Fortune framed New Glenn as “years behind schedule” and said the unexpected issue could mark a setback for Blue Origin’s ambitious plans and its reputation as an alternative launch provider to SpaceX’s Falcon 9.

It also reported that Blue Origin Chief Executive Officer Dave Limp would like to launch eight to 12 flights this year, and that he said in a Bloomberg Television interview ahead of the launch, “We have plenty of hardware to do that,” adding “And by the way I think demand is going up.”
Spaceflight Now described the company’s target cadence in more operational terms, saying Blue Origin said it’s designing its boosters to support up to 25 flights each, and it quoted AST SpaceMobile’s Chairman and CEO Abel Avellan saying, “We remain on track to achieve our target of deploying 45 to 60 satellites into low Earth orbit by the end of this year.”
Ars Technica connected the mission to NASA’s Artemis lunar program, calling New Glenn a “key element in NASA’s Artemis lunar program,” and it described the rocket as a “flagship” for Jeff Bezos’ program.
TechCrunch explicitly tied the failure to NASA and the Trump administration’s pressure, saying “The space agency — and the Trump administration — has put pressure on Blue Origin and SpaceX to be able to put landers on the moon by the end of President Donald Trump’s second term,” and it added that Blue Origin CEO Dave Limp said his company “will move heaven and Earth” to help NASA get back to the moon faster.
Fortune also said Blue Origin and SpaceX both hold contracts with NASA to develop lunar landers and are competing to meet the deadline of the space agency’s planned moon landing mission in 2028, while it reported that Blue Origin’s Mark 1 lunar lander has “a very good chance” of landing on the moon later this year.
Different outlets, different emphasis
The same launch failure was framed differently across the technology press and mainstream business coverage, with some outlets foregrounding the booster reuse milestone while others emphasized the operational failure’s implications for reliability.
“Blue Origin’s flagship New Glenn rocket launched to space on its third flight, reusing a booster for the first time but failing to correctly place the satellite it was carrying into its intended orbit”
Fortune highlighted the reflight success and the immediate technical outcome, writing that the rocket “reusing a booster for the first time” but “failing to correctly place the satellite it was carrying into its intended orbit,” and it described the satellite entering an “off-nominal orbit” as Blue Origin assessed it.

Spaceflight Now similarly treated the mission as a “critical milestone” for New Glenn’s heavy-lift rocket, focusing on the booster reuse and the planned deployment of BlueBird 7 into low Earth orbit during a window that opened April 19 at 6:45 a.m.
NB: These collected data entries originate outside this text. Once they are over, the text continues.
Definition cstep (T : finType) (e : rel T) (J : {set T}) (C : cset T)
  (c : constraint T) : cset T :=
  [fset ((nbh e c.1 :&: J), 1%N)]
  `|` (if (2 <= c.2)%N then [fset ((c.1 :&: J), c.2.-1)] else fset0)
  `|` [fset ((x.1 :&: J), x.2) | x in C `\ c].

(* Cfam e J S k i C  <->  C belongs to the family C_i *)
Fixpoint Cfam (T : finType) (e : rel T) (J : nat -> {set T}) (S : {set T})
  (k : nat) (i : nat) (C : cset T) : Prop :=
  match i with
  | 0 => C = [fset (S, k)]
  | i'.+1 => exists C0 c, Cfam e J S k i' C0 /\ c \in C0 /\ C = cstep e (J i) C0 c
  end.

Definition slide (T : finType) (e : rel T) (A B : {set T}) : Prop :=
  exists u v, u \in A /\ v \notin A /\ e u v /\ B = v |: (A :\ u).

Definition TS_reachable (T : finType) (e : rel T) (k : nat) (S Z : {set T}) : Prop :=
  exists (m : nat) (I : nat -> {set T}),
    I 0 = S /\ I m = Z /\
    (forall j, (j <= m)%N -> independent e (I j) /\ #|I j| = k) /\
    (forall j, (j < m)%N -> slide e (I j) (I j.+1)).

From HB Require Import structures.
From mathcomp Require Import all_boot finmap.
Set Implicit Arguments. Unset Strict Implicit. Unset Printing Implicit Defensive.

(* Induct on [i], sliding backwards.  Every constraint set of the family C_i either
   contains an unsatisfiable constraint (set0, b) with b > 0, or is a family of
   pairwise disjoint subsets of J_i whose demands add up to k; a step preserves this
   because J_i is independent, so N(X) meets no other set of the family.  In the
   second case a k-set Z satisfying the constraint set lies inside the union of its
   sets.  So if Z ⊆ J_(i+1) satisfies the step C' of C at (X, b), the unique vertex p
   of Z in N(X) has a neighbour x in X, every other vertex of Z lies in a set of C,
   and Z - p + x ⊆ J_i satisfies C: by induction it is reachable, and sliding the
   token from x to p gives Z. *)

Section Constraints.
Variables (T : finType) (e : rel T).
Implicit Types (Z Ji Jn : {set T}) (k : nat) (C : cset T) (c : constraint T).
Implicit Types (s : seq (constraint T)).

Definition disjointc : rel (constraint T) := fun c c' => [disjoint c.1 & c'.1].

Lemma disjointc_sym : symmetric disjointc.
Proof. by move=> c c'; rewrite /disjointc disjoint_sym. Qed.

Lemma pairwise_disjointc s c c' : pairwise disjointc s ->
  c \in s -> c' \in s -> c != c' -> disjointc c c'.
Proof.
elim: s => // d t IH /= /andP [/allP hd ht]; rewrite !inE.
case/orP=> [/eqP -> | hc]; case/orP=> [/eqP -> | hc'] //; first by rewrite eqxx.
- by move=> _; apply: hd.
- by move=> _; rewrite disjointc_sym; apply: hd.
- exact: IH.
Qed.

Lemma sum_filter_disjointc s c : pairwise disjointc s -> c \in s -> c.1 != set0 ->
  \sum_(y <- s) y.2 = c.2 + \sum_(y <- filter (predC1 c) s) y.2.
Proof.
move=> + + c_ne0; elim: s => // d t IH /andP [/allP hd ht].
rewrite inE big_cons /=; have [eq_cd _ | ne_dc /= hct] := eqVneq c d.
  subst d; congr (_ + _); apply: congr_big => //.
  apply/esym/all_filterP/allP => y hy /=; apply: contraTneq (hd y hy) => ->.
  by rewrite /disjointc -setI_eq0 setIid.
by rewrite big_cons IH // addnCA.
Qed.

Lemma cover_of_sum s Z : pairwise disjointc s ->
  (forall c, c \in s -> sat_constraint Z c) -> \sum_(c <- s) c.2 = #|Z| ->
  forall z, z \in Z -> exists2 c, c \in s & z \in c.1.
Proof.
elim: s Z => [|c t IH] Z /=.
  by rewrite big_nil => _ _ /esym/cards0_eq -> z; rewrite inE.
move=> /andP [/allP hct ht] hsat; rewrite big_cons => hsum z hz.
have [zc | zc] := boolP (z \in c.1); first by exists c; rewrite ?mem_head.
have hsatD c' : c' \in t -> sat_constraint (Z :\: c.1) c'.
  move=> hc'; rewrite /sat_constraint -(hsat c') ?inE ?hc' ?orbT //.
  apply: eq_card => v; rewrite !inE.
  by case: (boolP (v \in c'.1)) => hv; rewrite ?andbF ?(disjointFl (hct _ hc') hv).
have hsumD : \sum_(c' <- t) c'.2 = #|Z :\: c.1|.
  by rewrite cardsD (hsat c) ?mem_head // -hsum addKn.
have [|c' hc' zc'] := IH _ ht hsatD hsumD z; first by rewrite inE zc.
by exists c'; rewrite // inE hc' orbT.
Qed.

Lemma nbh_set0 : nbh e set0 = set0.
Proof. by apply/setP => v; rewrite !inE; apply/existsP => -[u]; rewrite inE. Qed.

Lemma nbh_disjoint X : [disjoint nbh e X & X].
Proof. by rewrite disjoints_subset; apply/subsetP => v; rewrite !inE => /andP []. Qed.

Definition restrict (J : {set T}) c : constraint T := (c.1 :&: J, c.2).

Lemma setI_restrict (J : {set T}) Z c : Z \subset J -> Z :&: (restrict J c).1 = Z :&: c.1.
Proof. by move=> hZJ; rewrite /= setIA setIAC (setIidPl hZJ). Qed.

Lemma cstep_nbh Jn C c : restrict Jn (nbh e c.1, 1) \in cstep e Jn C c.
Proof. by rewrite /cstep !in_fsetU in_fset1 eqxx. Qed.

Lemma cstep_self Jn C c : 1 < c.2 -> restrict Jn (c.1, c.2.-1) \in cstep e Jn C c.
Proof. by move=> h; rewrite /cstep !in_fsetU h fset11 orbT. Qed.

Lemma cstep_other Jn C c y : y \in C -> y != c -> restrict Jn y \in cstep e Jn C c.
Proof.
move=> hy ne_yc; rewrite /cstep !in_fsetU; apply/orP; right.
by apply/imfsetP; exists y; rewrite //= in_fsetD1 ne_yc.
Qed.

Lemma cstepP Jn C c x : x \in cstep e Jn C c ->
  [\/ x = restrict Jn (nbh e c.1, 1), 1 < c.2 /\ x = restrict Jn (c.1, c.2.-1) |
      exists2 y, y \in C /\ y != c & x = restrict Jn y].
Proof.
rewrite /cstep !in_fsetU => /orP [/orP [] |].
- by rewrite in_fset1 => /eqP ->; apply: Or31.
- by case: ifP => h; rewrite ?in_fset0 // in_fset1 => /eqP ->; apply: Or32.
- by case/imfsetP => y /=; rewrite in_fsetD1 => /andP [ne_yc hy] ->; apply: Or33; exists y.
Qed.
EDT.
Ars Technica, by contrast, led with the reuse achievement “marred by upper stage failure,” and it described the upper stage switch-off and fall-away sequence before centering the setback for Jeff Bezos’ flagship rocket and NASA’s Artemis lunar program.
TechCrunch framed the event as “New Glenn put a customer satellite in the wrong orbit during its third launch,” and it connected the mishap to broader implications for NASA’s Artemis logistics and the need for reliability under political pressure.
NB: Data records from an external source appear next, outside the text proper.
(* With $0<q<1$, $p=1-q$, $Q=1/q$, $L=\log Q$, let \[ c_2(q)=-\frac{p}{qL}\sum_{l\ge1}\frac{1}{Q^l-1}+\frac pq\sum_{l\ge1}\frac{lQ^l}{(Q^l-1)^2}+\frac1L-\frac1p-\frac qp. \] Then, as $q\to1^-$, \[ c_2(q)=\frac14+\frac19\log q+O(\log^2 q); \] in particular $c_2(q)\to\frac14$. *)

From Stdlib Require Import Reals.
From Coquelicot Require Import Coquelicot.
Open Scope R_scope.

(* c_2(q) with p = 1 - q, Q = 1/q, L = log Q.  Sums over l >= 1 are written
   as Coquelicot [Series] over n >= 0 with l = n + 1. *)
Definition c2 (q : R) : R :=
  let p := 1 - q in
  let Q := / q in
  let L := ln Q in
  - (p / (q * L)) * Series (fun n : nat => / (Q ^ (S n) - 1))
  + (p / q) * Series (fun n : nat => INR (S n) * Q ^ (S n) / (Q ^ (S n) - 1) ^ 2)
  + / L - / p - q / p.

From Stdlib Require Import Reals Lra Lia.
From Coquelicot Require Import Coquelicot.
Open Scope R_scope.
SpaceNews emphasized the technical chain of events and the “malfunction of its second stage,” reporting that the payload was stranded in an unrecoverable “off-nominal” orbit and that AST said the orbit was too low for electric propulsion to recover.
GeekWire combined both angles, calling it “In a first, Blue Origin uses a recycled rocket to send a satellite into orbit — unfortunately, it’s the wrong orbit,” and it described the cheering at Mission Control alongside AST’s statement that the altitude was too low to sustain operations.